I had a colleague once who was an 'office rival', you know the type of person
you can't stand and are always one-upping (told you this was going to be
petty, but in my defense, _he started it_ ). So one day we were moving offices
and we needed something for the new office. (Sane companies would have had one
person doing this but let's say we were a caricature of 'scrappy startup where
everybody wears every hat'). There was one item that is basically like a
'staple' for office furnishing - let's say it was perfectly standardized
desks. Or plants to put in the hallways, something even more mundane than
desks.

Anyway this other guy had me beat on price from every supplier (everyone in
the office was basically one-upping everyone else on how cheap they could get
things, to the point where I spend days making my own cat5 cables). But I got
the same quotes (within a few percent) from at least 5 suppliers, using just
the standard 'what's your best price' beginner negotiation playbook. After
that I thought screw this, I'll just lay it out. (let's say this general price
was I got around 12k, and the 'other guy' got it for 11k).

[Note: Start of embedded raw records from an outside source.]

Definition B_d1 (b : 'rV[F2]_n1) : 'rV[F2]_n0 := b *m DB.
Definition B_dt1 (w : 'rV[F2]_n0) : 'rV[F2]_n1 :=
  \row_i mxpair w (B_d1 (delta_mx 0 i)).

Definition pi_lower (XY : 'M[F2]_(n1, m0) * 'M[F2]_(n0, m1)) : 'rV[F2]_n1 :=
  (XY.1 *m eps)^T.
Definition pi_upper (beta : 'rV[F2]_n1) : 'M[F2]_(n1, m0) * 'M[F2]_(n0, m1) :=
  (\matrix_(i, k) (beta 0 i * eps k 0), 0).

End Bundle.

(* zero maps from/to the zero space (used for the absent degrees) *)
Definition zero_in {a b : nat} : 'M[F2]_(0, 0) -> 'M[F2]_(a, b) := fun _ => 0.
Definition zero_out {a b : nat} : 'M[F2]_(a, b) -> 'M[F2]_(0, 0) := fun _ => 0.

From HB Require Import structures.
From mathcomp Require Import all_boot all_order all_algebra all_fingroup.
Import GRing.Theory.
Local Open Scope ring_scope.

(* Over F_2, with H_0(B) = 0 and eps : H_0(F) ~= F_2, the
   projection of the bundle B (x)_phi F onto its base is an isomorphism in
   (co)homology of degree 1.  The hypotheses are first recast as matrix
   facts: each phi(b^1,b^0) is a chain map fixing the 1-cycles of F and
   preserving eps; eps is split by some e0 and ker eps = im DF; and DB has a
   section C.  These give the two key identities
     partial_phi = DB (x) id   on B_1 (x) ker DF,
     eps o partial_phi = DB o eps   on B_1 (x) F_0,
   i.e. the twisting is invisible both on cycles of F and through eps. *)

Lemma F2_addmm (a b : nat) (M : 'M[F2]_(a, b)) : M + M = 0.
Proof.
apply/matrixP => i k; rewrite !mxE.
by apply/eqP; rewrite -mulr2n -mulr_natr pchar_Fp_0 ?mulr0.
Qed.

Lemma sum_over_nonzero (n k : nat) (c : 'I_n -> F2) (v : 'I_n -> 'rV[F2]_k) :
  \sum_(i | c i != 0) v i = \sum_i c i *: v i.
Proof.
rewrite big_mkcond; apply: eq_bigr => i _.
case: ifP => [|/negbFE/eqP ->]; last by rewrite scale0r.
case: (c i) => [[|[|n']] Hn] //= _.
by rewrite (_ : Ordinal Hn = 1) ?scale1r //; apply/val_inj.
Qed.

Lemma mxpairE (a b : nat) (A B : 'M[F2]_(a, b)) : mxpair A B = \tr (A *m B^T).
Proof.
rewrite /mxpair /mxtrace; apply: eq_bigr => i _; rewrite mxE.
by apply: eq_bigr => k _; rewrite mxE.
Qed.

Lemma mxpair_delta (a b : nat) (A : 'M[F2]_(a, b)) i k :
  mxpair A (delta_mx i k) = A i k.
Proof.
rewrite /mxpair (bigD1 i) //= (bigD1 k) //= !mxE !eqxx mulr1 big1 ?addr0.
  rewrite big1 ?addr0 // => i' ni; apply: big1 => k' _.
  by rewrite mxE (negbTE ni) mulr0.
by move=> k' nk; rewrite mxE eqxx (negbTE nk) mulr0.
Qed.

Lemma mxpair_eq (a b : nat) (A A' : 'M[F2]_(a, b)) :
  (forall B, mxpair A B = mxpair A' B) -> A = A'.
Proof. by move=> H; apply/matrixP => i k; rewrite -!mxpair_delta H. Qed.

Lemma mxpairDr (a b : nat) (A B C : 'M[F2]_(a, b)) :
  mxpair A (B + C) = mxpair A B + mxpair A C.
Proof. by rewrite !mxpairE linearD /= mulmxDr mxtraceD. Qed.

Lemma mxpairZr (a b : nat) (A B : 'M[F2]_(a, b)) c :
  mxpair A (c *: B) = c * mxpair A B.
Proof. by rewrite !mxpairE linearZ /= -scalemxAr mxtraceZ. Qed.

So I went to a 6th supplier, let them do their sales spiel in their showroom,
and said (pretty much as blunt as I put it here) "Listen, you probably have a
great product but I don't care, I'm buying on price. Everyone else like
supplier X, Y and Z have given me these and these prices" (I showed him the
offers I got). "There is another guy at my office who got prices around 11k. I
want to beat this other guy, and you want to sell. The only way you will sell
to me is if you can come in with a price below 10k. Let's not do a sales dance
here. Can you do this?".

The guy got a bit of a deer-in-the-headlights look, went "to the office to
discuss with his boss" (like a car salesman but this time for real I guess)
and then came back with a price a hair under 10k.

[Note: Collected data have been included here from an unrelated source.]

(* the congruence on words generated by free cancellation of allowed letters
   and the relations R: u ~ v iff u and v represent the same group element *)
Inductive cong (ok : letter -> bool) (R : word -> word -> Prop) :
  word -> word -> Prop :=
| cg_refl u : cong ok R u u
| cg_sym u v : cong ok R u v -> cong ok R v u
| cg_trans u v w : cong ok R u v -> cong ok R v w -> cong ok R u w
| cg_rel a b u v : R u v -> cong ok R (a ++ u ++ b) (a ++ v ++ b)
| cg_free a b x : ok x -> cong ok R (a ++ [:: x; linv x] ++ b) (a ++ b).

Definition eqG (n : nat) := cong (wf_letter n) (sd_rel n).
Definition eqB (n : nat) := cong (fun x => wf_letter n x && is_sigma x) (braid_rel n).

(* A representation of F_n ⋊ P_n (= P_{n+1}) on V = C^d, given on words. *)
Definition is_rep_FP (C : nzRingType) (n d : nat) (f : word -> 'M[C]_d) : Prop :=
  f [::] = (1%:M)%R /\
  (forall u v, wf n u -> wf n v -> pure n u -> pure n v ->
      f (u ++ v) = (f u *m f v)%R) /\
  (forall u v, wf n u -> wf n v -> pure n u -> pure n v ->
      eqG n u v -> f u = f v).

Definition is_rep_P (C : nzRingType) (n m : nat) (f : word -> 'M[C]_m) : Prop :=
  f [::] = (1%:M)%R /\
  (forall u v, braid_word n u -> braid_word n v -> pure n u -> pure n v ->
      f (u ++ v) = (f u *m f v)%R) /\
  (forall u v, braid_word n u -> braid_word n v -> pure n u -> pure n v ->
      eqB n u v -> f u = f v).

(* Elements of the group ring Z[F_n ⋊ B_n]: formal Z-combinations of words. *)
Definition gr := seq (int * word).
Definition gmul (x y : gr) : gr :=
  [seq ((p.1 * q.1)%R, p.2 ++ q.2) | p <- x, q <- y].
(* n x n matrices over the group ring, indices 0-based *)
Definition gmat (n : nat) := 'I_n -> 'I_n -> gr.
Definition gone (n : nat) : gmat n :=
  fun k l => if k == l then [:: (1%R, [::])] else [::].
Definition gmm (n : nat) (A B : gmat n) : gmat n :=
  fun k l => flatten [seq gmul (A k m) (B m l) | m <- enum 'I_n].

(* diag(I_{i-1}, R_i, I_{n-i-1}) (inv = false) and its inverse (inv = true),
   R_i = [[0, g_i], [1, 1 - g_i]],  R_i^{-1} = [[1 - g_i^{-1}, 1], [g_i^{-1}, 0]] *)
Definition Dmat (n i : nat) (inv : bool) : gmat n :=
  fun k l =>
    let k' := k.+1 in let l' := l.+1 in
    if (k' \in [:: i; i.+1]) && (l' \in [:: i; i.+1]) then
      if ~~ inv then
        if (k' == i) && (l' == i) then [::]
        else if (k' == i) then [:: (1%R, [:: g_ i])]
        else if (l' == i) then [:: (1%R, [::])]
        else [:: (1%R, [::]); ((-1)%R, [:: g_ i])]
      else
        if (k' == i) && (l' == i) then [:: (1%R, [::]); ((-1)%R, [:: ginv_ i])]
        else if (k' == i) then [:: (1%R, [::])]
        else if (l' == i) then [:: (1%R, [:: ginv_ i])]
        else [::]
    else gone n k l.

(* phi(sigma_i) = sigma_i . D_i,  phi(sigma_i^{-1}) = phi(sigma_i)^{-1} = D_i^{-1} . sigma_i^{-1} *)
Definition phi_letter (n : nat) (x : letter) : gmat n :=
  match x with
  | Sg i false => fun k l => [seq (p.1, s_ i :: p.2) | p <- Dmat n i false k l]
  | Sg i true => fun k l => [seq (p.1, p.2 ++ [:: Sg i true]) | p <- Dmat n i true k l]
  | Gn _ _ => gone n
  end.
Definition phi (n : nat) (w : word) : gmat n :=
  foldr (fun x M => gmm n (phi_letter n x) M) (gone n) w.

(* x lies in Z[F_n ⋊ P_n]: its coefficient on every group element outside
   F_n ⋊ P_n vanishes *)
Definition in_ZFP (n : nat) (x : gr) : Prop :=
  forall u, wf n u -> ~~ pure n u ->
    (\sum_(p <- x | `[< eqG n p.2 u >]) p.1)%R = 0%R.

Definition ext (C : nzRingType) (n d : nat) (f : word -> 'M[C]_d) (x : gr) : 'M[C]_d :=
  (\sum_(p <- x | pure n p.2) p.1%:~R *: f p.2)%R.

Definition rho_plus (C : nzRingType) (n d : nat) (rho_t : word -> 'M[C]_d) (b : word)
  : 'M[C]_(\sum_(k < n) d) :=
  @mxblock C n n (fun _ => d) (fun _ => d) (fun k l => ext C n d rho_t (phi n b k l)).

Definition twisted (C : nzRingType) (n d : nat) (rho : word -> 'M[C]_d) (t : nat -> C)
  (rho_t : word -> 'M[C]_d) : Prop :=
  is_rep_FP C n d rho_t /\
  (forall i, (1 <= i <= n)%N -> rho_t [:: g_ i] = (t i *: rho [:: g_ i])%R) /\
  (forall b, braid_word n b -> pure n b -> rho_t b = rho b).

Arguments is_rep_FP {C} n d f.
Arguments is_rep_P {C} n m f.
Arguments ext {C} n d f x.
Arguments rho_plus {C} n d rho_t b.
Arguments twisted {C} n d rho t rho_t.

(* Relations g_{i+1} s_i = s_i g_i and g_i s_i = s_i g_i g_{i+1} g_i^{-1} say that
   conjugation by braids permutes the generators g_j up to conjugacy in F_n.  Hence
   g_j |-> t_j extends to a character chi of F_n ⋊ P_n (pure braids fix all indices),
   and rho_t := chi rho is a representation.  The entries of phi(beta) are
   Z-combinations of words obtained from beta by inserting letters g_i^{+-1} next to
   its letters s_i^{+-1}; they induce the same permutation as beta, so they lie in
   Z[F_n ⋊ P_n] when beta is pure.  Finally phi is multiplicative on words, and it
   respects the braid relations and s_i s_i^{-1} = 1 up to equality in Z[F_n ⋊ B_n],
   which we test against all functions on F_n ⋊ B_n.  Extending rho_t to such a
   function, the block matrices rho^+ inherit multiplicativity and the braid
   relations. *)

From HB Require Import structures.
From mathcomp Require Import all_boot all_order all_algebra.
From mathcomp Require Import boolp reals complex.
From mathcomp Require Import zify ring.
Import Order.TTheory GRing.Theory Num.Theory.
Set Implicit Arguments. Unset Strict Implicit. Unset Printing Implicit Defensive.

Definition eqletter (x y : letter) : bool :=
  match x, y with
  | Sg i b, Sg j c | Gn i b, Gn j c => (i == j) && (b == c)
  | _, _ => false
  end.

Lemma eqletterP : Equality.axiom eqletter.
Proof.
case=> [i b|i b] [j c|j c] /=; try by constructor.
all: by apply: (iffP andP) => [[/eqP-> /eqP->]|[-> ->]].
Qed.

HB.instance Definition _ := hasDecEq.Build letter eqletterP.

I got my petty win, then a few months later the company almost went under and
the guy who gave me the deep discount called me daily for a month when he was
going to be paid until a miracle happened and he got his money, but that's
another story.

Anyway, what I took away from this (this was before I had had any sales
training or really thought about sales) was that usually, the key to a (hard)
discount is to convince the other party that it's better for them to take a
smaller profit than no profit at all. And also, that it's better to make it
seem that you are not the decision maker or that there is some sort of
external price anchor. Not saying this is always the best global strategy;
personally I value lasting relationships with good personal rapport over
squeezing out every last penny, but in crisis mode it's sometimes just
necessary.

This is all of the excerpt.